Source records:
* * * * *

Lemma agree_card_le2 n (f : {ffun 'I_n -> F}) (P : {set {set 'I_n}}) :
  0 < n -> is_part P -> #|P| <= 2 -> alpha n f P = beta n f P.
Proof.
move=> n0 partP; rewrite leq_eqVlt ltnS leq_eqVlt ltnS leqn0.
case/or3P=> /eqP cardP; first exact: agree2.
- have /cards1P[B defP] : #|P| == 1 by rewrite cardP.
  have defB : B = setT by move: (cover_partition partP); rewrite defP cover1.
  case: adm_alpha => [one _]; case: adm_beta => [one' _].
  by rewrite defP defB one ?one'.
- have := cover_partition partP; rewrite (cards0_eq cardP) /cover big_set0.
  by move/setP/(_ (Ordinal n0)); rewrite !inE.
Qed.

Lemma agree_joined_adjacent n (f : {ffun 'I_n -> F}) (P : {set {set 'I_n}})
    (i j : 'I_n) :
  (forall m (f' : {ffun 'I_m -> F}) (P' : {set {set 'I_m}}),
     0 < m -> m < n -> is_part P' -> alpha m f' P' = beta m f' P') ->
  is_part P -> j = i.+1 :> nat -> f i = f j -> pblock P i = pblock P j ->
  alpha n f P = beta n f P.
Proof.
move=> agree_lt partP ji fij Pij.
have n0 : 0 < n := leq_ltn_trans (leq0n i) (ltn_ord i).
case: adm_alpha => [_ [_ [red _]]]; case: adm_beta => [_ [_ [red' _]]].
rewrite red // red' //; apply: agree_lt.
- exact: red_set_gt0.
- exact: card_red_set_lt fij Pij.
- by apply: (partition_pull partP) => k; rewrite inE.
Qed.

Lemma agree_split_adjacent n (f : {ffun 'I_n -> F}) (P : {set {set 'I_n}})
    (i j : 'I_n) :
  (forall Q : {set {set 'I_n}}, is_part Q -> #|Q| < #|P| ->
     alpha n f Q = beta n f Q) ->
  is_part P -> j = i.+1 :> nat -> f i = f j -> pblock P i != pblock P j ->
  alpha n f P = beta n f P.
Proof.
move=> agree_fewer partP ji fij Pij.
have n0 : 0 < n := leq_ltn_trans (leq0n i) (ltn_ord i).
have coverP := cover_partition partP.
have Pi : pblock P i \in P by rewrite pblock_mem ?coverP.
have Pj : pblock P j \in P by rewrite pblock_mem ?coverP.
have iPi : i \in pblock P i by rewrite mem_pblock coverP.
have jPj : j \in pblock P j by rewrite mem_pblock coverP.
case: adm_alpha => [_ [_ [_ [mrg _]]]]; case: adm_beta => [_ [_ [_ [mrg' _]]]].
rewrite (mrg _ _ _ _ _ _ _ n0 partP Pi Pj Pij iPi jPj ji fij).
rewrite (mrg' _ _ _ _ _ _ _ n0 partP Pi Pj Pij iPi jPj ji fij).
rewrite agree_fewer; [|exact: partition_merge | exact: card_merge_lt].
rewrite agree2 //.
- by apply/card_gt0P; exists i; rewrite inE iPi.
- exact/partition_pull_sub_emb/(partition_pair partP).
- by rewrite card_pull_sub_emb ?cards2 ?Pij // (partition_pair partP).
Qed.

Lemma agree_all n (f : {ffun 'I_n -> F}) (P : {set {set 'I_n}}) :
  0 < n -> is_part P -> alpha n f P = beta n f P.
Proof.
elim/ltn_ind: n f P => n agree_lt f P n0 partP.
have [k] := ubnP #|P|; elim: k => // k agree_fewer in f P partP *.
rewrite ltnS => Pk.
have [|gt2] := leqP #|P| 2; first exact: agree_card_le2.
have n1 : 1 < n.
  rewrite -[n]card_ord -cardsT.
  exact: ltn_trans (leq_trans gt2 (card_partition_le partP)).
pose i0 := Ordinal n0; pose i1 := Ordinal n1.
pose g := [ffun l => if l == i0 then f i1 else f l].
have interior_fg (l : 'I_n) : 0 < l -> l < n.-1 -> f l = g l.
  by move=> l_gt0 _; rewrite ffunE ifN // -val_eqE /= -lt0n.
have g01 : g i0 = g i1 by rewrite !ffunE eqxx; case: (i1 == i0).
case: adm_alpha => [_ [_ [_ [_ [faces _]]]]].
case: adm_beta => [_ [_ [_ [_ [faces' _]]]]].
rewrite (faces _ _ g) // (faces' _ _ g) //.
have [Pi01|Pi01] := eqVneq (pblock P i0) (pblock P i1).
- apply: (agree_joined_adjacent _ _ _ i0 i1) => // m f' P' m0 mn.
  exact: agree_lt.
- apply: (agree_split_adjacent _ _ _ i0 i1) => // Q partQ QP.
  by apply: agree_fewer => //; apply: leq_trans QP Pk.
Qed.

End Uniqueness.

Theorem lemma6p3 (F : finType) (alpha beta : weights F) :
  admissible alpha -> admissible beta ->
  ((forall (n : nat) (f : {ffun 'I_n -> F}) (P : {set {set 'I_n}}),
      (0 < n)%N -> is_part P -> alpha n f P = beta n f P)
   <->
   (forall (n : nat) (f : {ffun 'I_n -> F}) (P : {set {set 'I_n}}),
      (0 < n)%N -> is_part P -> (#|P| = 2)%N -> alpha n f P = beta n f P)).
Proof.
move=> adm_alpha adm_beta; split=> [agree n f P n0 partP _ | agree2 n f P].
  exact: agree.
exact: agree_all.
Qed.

* * * * *

Assignment: Restate exactly the lines running from the line with "rewrite ltnS => Pk." to the end of the entries above, both ends included.

The completed task:
rewrite ltnS => Pk.
have [|gt2] := leqP #|P| 2; first exact: agree_card_le2.
have n1 : 1 < n.
  rewrite -[n]card_ord -cardsT.
  exact: ltn_trans (leq_trans gt2 (card_partition_le partP)).
pose i0 := Ordinal n0; pose i1 := Ordinal n1.
pose g := [ffun l => if l == i0 then f i1 else f l].
have interior_fg (l : 'I_n) : 0 < l -> l < n.-1 -> f l = g l.
  by move=> l_gt0 _; rewrite ffunE ifN // -val_eqE /= -lt0n.
have g01 : g i0 = g i1 by rewrite !ffunE eqxx; case: (i1 == i0).
case: adm_alpha => [_ [_ [_ [_ [faces _]]]]].
case: adm_beta => [_ [_ [_ [_ [faces' _]]]]].
rewrite (faces _ _ g) // (faces' _ _ g) //.
have [Pi01|Pi01] := eqVneq (pblock P i0) (pblock P i1).
- apply: (agree_joined_adjacent _ _ _ i0 i1) => // m f' P' m0 mn.
  exact: agree_lt.
- apply: (agree_split_adjacent _ _ _ i0 i1) => // Q partQ QP.
  by apply: agree_fewer => //; apply: leq_trans QP Pk.
Qed.

End Uniqueness.

Theorem lemma6p3 (F : finType) (alpha beta : weights F) :
  admissible alpha -> admissible beta ->
  ((forall (n : nat) (f : {ffun 'I_n -> F}) (P : {set {set 'I_n}}),
      (0 < n)%N -> is_part P -> alpha n f P = beta n f P)
   <->
   (forall (n : nat) (f : {ffun 'I_n -> F}) (P : {set {set 'I_n}}),
      (0 < n)%N -> is_part P -> (#|P| = 2)%N -> alpha n f P = beta n f P)).
Proof.
move=> adm_alpha adm_beta; split=> [agree n f P n0 partP _ | agree2 n f P].
  exact: agree.
exact: agree_all.
Qed.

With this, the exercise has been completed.